So far, we have operated with a single object, sending him messages and observing the result. But the result is also an object. So you can send a message to him.

We try:
-> Array parent
-> Object parent
-> Array parent isNil
-> Object parent isNil

In this example, we first print the ancestors of the Array and Object classes, and then send the result an isNil message to check for the value. The Object class is the top of the hierarchy of regular classes, so it returns nil in response to the parent message . As we can see, to combine several messages, it is enough to write them with a space. And such queues can be of any length:

-> 12
-> 12 class
-> 12 class methods
Dictionary (* -> Method, + -> Method, - -> Method, / -> Method, < -> Method, = -> Method, asInteger -> Method, asSmallInt -> Method, bitAnd: -> Method, bitOr: -> Method, bitShift: -> Method, hash -> Method, quo: -> Method, rem: -> Method, truncSmallInt -> Method)
-> 12 class methods keys
OrderedArray (* + - / < = asInteger asSmallInt bitAnd: bitOr: bitShift: hash quo: rem: truncSmallInt)
-> 12 class methods keys size

Another type of aggregation of message packages is cascading. In this case, a series of messages is sent to the same object without the need to indicate the name of the destination object each time. In this case, messages are written one after another through a semicolon. At the end of the whole sentence, a period ends.

Note: cascading messages in Little Smalltalk now does not work as it does in standard implementations. Why this is happening remains to be seen.

Key messages

At the moment, we already know two types of messages: unary and binary. There are still key messages that can take one or more parameters. Let's take a dictionary of SmallInt class methods from the previous example and ask which key is under index 7:

-> SmallInt methods keys at: 7

Here we send the keysmessage #at:with parameter 7 to the object . The indices in Smalltalk are counted from 1, so the first element has index 1 and the last is equal to the size of the container.

Here is another example of a key message:
-> (Array new: 5) at: 1 put: 42
Array (42 nil nil nil nil)

First, we created an array by sending a message #new:to an Array object with parameter 5, indicating the number of elements.
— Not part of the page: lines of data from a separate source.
Lemma closed_sublevel t : closed (sublevel phi t).
Proof.
have -> : sublevel phi t = \bigcap_(i in [set: 'I_k])
    (phi @^-1` ((fun m : 'rV[R]_k => m ord0 i) @^-1` [set r | r <= t ord0 i])).
  by apply/seteqP; split=> P Pt i => [_|]; [exact: Pt | exact: Pt i I].
apply: closed_bigI => i _; apply: preimage_closed => [P _|]; first exact: phi_cont.
by apply: preimage_closed => [m _|]; [exact: coord_continuous | exact: closed_le].
Qed.

Hypotheses (M_hausdorff : hausdorff_space M) (M_compact : compact [set: M]).

Lemma sub_connected_limit y P Q : sublevel phi y P ->
  (forall e, 0 < e -> sub_connected phi (y + const_mx e) P Q) ->
  sub_connected phi y P Q.
Proof.
move=> Py PQ; pose C e := connected_component (sublevel phi (y + const_mx e)) P.
have Pe e : 0 < e -> sublevel phi (y + const_mx e) P.
  by move=> e0; apply: sublevelS Py; apply/shift_ge/ltW.
exists (\bigcap_(e in [set e : R | 0 < e]) C e); split.
- move=> w Cw i; apply/ler_addgt0Pr => e e0.
  by have := connected_component_sub (Cw e e0) i; rewrite !mxE.
- apply: connected_bigcap_nested => // [e e0|e e' e0 ee'|e e0].
  + exact/component_closed/closed_sublevel.
  + apply: connected_component_max; last exact: component_connected.
      exact/connected_component_refl/Pe.
    by move=> w /connected_component_sub; apply/sublevelS/shift_homo.
  + exact: component_connected.
- by move=> e e0; apply/connected_component_refl/Pe.
- move=> e e0; have [D [Dt cD DP DQ]] := PQ e e0.
  exact: (connected_component_max DP Dt cD) Q DQ.
Qed.

Lemma near_not_sub_connected y P Q : sublevel phi y P ->
  ~ sub_connected phi y P Q ->
  \forall e \near 0^'+, ~ sub_connected phi (y + const_mx e) P Q.
Proof.
move=> Py nPQ; have [e0 e0_gt0 nPQe0] :
    exists2 e0, 0 < e0 & ~ sub_connected phi (y + const_mx e0) P Q.
  apply: contrapT => allPQ; apply/nPQ/sub_connected_limit => // e e0.
  by apply: contrapT => nPQe; apply: allPQ; exists e.
near=> e => PQe; apply/nPQe0/(sub_connectedS _ PQe)/shift_homo.
by near: e; exact: nbhs_right_ltW.
Unshelve. all: by end_near.
Qed.

End sublevel_connectedness.

Section counting_classes.
Variables (R : realType) (M : topologicalType) (k : nat) (phi : M -> 'rV[R]_k).
Variable x : 'rV[R]_k.
Implicit Types (t y : 'rV[R]_k) (P Q : M).

Definition connected_class t P : set M :=
  [set Q | sublevel phi x Q /\ sub_connected phi t P Q].

(* Maps the <phi <= s>-class of P to its <phi <= t>-class when s <= t,
   without choosing a representative. *)
Definition saturation t (c : set M) : set M :=
  [set Q | sublevel phi x Q /\ exists2 P, c P & sub_connected phi t P Q].

Lemma connected_class_eq t P Q :
  sub_connected phi t P Q -> connected_class t P = connected_class t Q.
Proof.
move=> PQ; apply/seteqP; split=> S [Sx HS]; split=> //.
  exact: sub_connected_trans (sub_connected_sym PQ) HS.
exact: sub_connected_trans PQ HS.
Qed.

Lemma connected_class_eqP t P Q : (forall i, x ord0 i <= t ord0 i) ->
  sublevel phi x Q ->
  connected_class t P = connected_class t Q <-> sub_connected phi t P Q.
Proof.
move=> xt Qx; split; last exact: connected_class_eq.
have : connected_class t Q Q by split=> //; apply/sub_connected_refl/(sublevelS xt).
by move=> + PQ; rewrite -PQ => -[].
Qed.

Lemma saturation_connected_class t t' P :
  (forall i, x ord0 i <= t ord0 i) -> (forall i, t ord0 i <= t' ord0 i) ->
  sublevel phi x P -> saturation t' (connected_class t P) = connected_class t' P.
Proof.
move=> xt tt' Px; apply/seteqP; split=> Q [Qx HQ]; split=> //.
  have [S [_ PS] SQ] := HQ.
  exact: sub_connected_trans (sub_connectedS tt' PS) SQ.
exists P => //; split=> //.
exact/sub_connected_refl/(sublevelS xt).
Qed.

Lemma nclasses_le t t' :
  (forall i, x ord0 i <= t ord0 i) -> (forall i, t ord0 i <= t' ord0 i) ->
  (nclasses phi x t' <= nclasses phi x t)%E.
Proof.
move=> xt tt'; apply: (@card_ext_le_image _ _ _ _ _ (saturation t')) => _ [P Px <-].
by exists (connected_class t P); [exists P | exact: saturation_connected_class].
Qed.

Hypotheses (phi_cont : continuous phi) (M_hausdorff : hausdorff_space M)
  (M_compact : compact [set: M]).
Lemma extend_cells (u : Defs.hom (mpcc k.+1 src) X) (v : Defs.hom (mpcc k.+1 (st_D s)) Y) :
  is_hom u -> is_hom v -> agree_on k.+1 src (hmap p (cells_of u)) (cells_of v) ->
  exists E : forall r n, obj X r n,
  [/\ is_cell_family k sph E, agree_on k.+1 src E (cells_of u)
    & agree_on k.+1 sph (hmap p E) (cells_of v)].
Proof.
move=> u_hom v_hom pUV.
have [x [dx tx pxV xU]] := lift_cocycle u_hom v_hom pUV.
have [dU_lo _ tU_lo _] := cells_of_is_family monotone_src u_hom.
set U := cells_of u in pUV xU dU_lo tU_lo *.
pose E r n : obj X r n := if sph r is Dst then U r n else x r n.
have E_hi r : sph r <> Zst -> E r k.+1 = x r k.+1.
  by rewrite /E; case str: (sph r) => // _; rewrite xU.
exists E; split.
- split=> [r str | r str | r r' le_rr' str | r r' le_rr' nZ].
  + by rewrite /E str dU_lo ?src_Dst.
  + by rewrite E_hi ?dx ?str.
  + by rewrite /E str (monotone_Dst mono_sph le_rr' str) tU_lo ?src_Dst.
  + by rewrite !E_hi ?tx //; exact: monotone_nZst mono_sph le_rr' nZ.
- apply: agree_on_cells => r srcr; rewrite /E sph_of_src // => strZ.
  by move: srcr; rewrite strZ.
- apply: agree_on_cells => [r str | r nZ].
    by rewrite /hmap /E str; apply: pUV; rewrite src_Dst // sdim_Dlo.
  by rewrite /hmap E_hi //; exact: pxV.
Qed.

Lemma sdim_src_D r n : (sdim k.+1 (src r) n <= sdim k.+1 (st_D s r) n)%N.
Proof. exact: leq_trans (sdim_src_sph r n) (sdim_rank k n (rank_sph_D r)). Qed.

Lemma LLP_sphere_attachment : LLP (@mhom R k.+1 src (st_D s)) p.
Proof.
move=> u v u_hom v_hom square.
have lin_p := is_hom_linear p_hom; have lin_u := is_hom_linear u_hom.
have lin_v := is_hom_linear v_hom.
have lin_i := linear_mhom (k := k.+1) (st1 := src) (st_D s).
have pUV : agree_on k.+1 src (hmap p (cells_of u)) (cells_of v).
  apply: agree_on_trans _ (cells_of_hcomp_mhom lin_v).
  exact/(heq_cellsP (linear_hcomp lin_p lin_u) (linear_hcomp lin_v lin_i)).
have [E [famE EU pEV]] := extend_cells u_hom v_hom pUV.
have [H [famH HE pHV]] := lift_cells mono_sph (monotone_st_D s) rank_sph_D lift_lo famE
  (cells_of_is_family (monotone_st_D s) v_hom) pEV.
have lin_h := linear_cellmap (k := k.+1) (st := st_D s) H.
exists (cellmap k.+1 (st_D s) H); split; first exact: cellmap_is_hom pX (monotone_st_D s) famH.
split.
- apply/(heq_cellsP (linear_hcomp lin_h lin_i) lin_u).
  apply: agree_on_trans (cells_of_hcomp_mhom lin_h) _.
  apply: agree_on_trans (agree_on_sub sdim_src_D (cells_of_cellmap H)) _.
  exact: agree_on_trans (agree_on_sub sdim_src_sph HE) EU.
- apply/(heq_cellsP (linear_hcomp lin_p lin_h) lin_v).
  exact: agree_on_trans (agree_on_hmap p (cells_of_cellmap H)) pHV.
Qed.

End SphereAttachment.

Lemma LLP_mhom_dim0 k (st1 st2 : Rnn R -> stage) :
  (forall r n, sdim k (st1 r) n = 0%N) -> (forall r n, sdim k (st2 r) n = 0%N) ->
  LLP (@mhom R k st1 st2) p.
Proof.
move=> dead1 dead2 u v u_hom v_hom _.
pose h : Defs.hom (mpcc k st2) X := fun r n _ => 0.
have h_hom : is_hom h.
  split; [by move=> r n a x y; rewrite scaler0 addr0 | split=> [r n x | r r' n x le_rr'] /=].
    exact: dif0.
  exact: trm0.
exists h; split => //; split.
  by move=> r n w; rewrite /hcomp /h (row_dim0 w (dead1 r n)) is_hom0.
by move=> r n w; rewrite /hcomp /h (row_dim0 w (dead2 r n)) !is_hom0.
Qed.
Then we placed the value 42 at index 1 in the newly created array. The resulting array was displayed on the screen. Note that the remaining 4 cells are filled with nil values .

A remarkable feature of key messages is that the line at: 1 put: 42is one parameterized message #at:put:, and not two, as one might think. In the style of C-like languages, this could be written keys->atPut(1, 42)in kind, however, in such a record, the correspondence of the transferred parameters and their purpose is lost.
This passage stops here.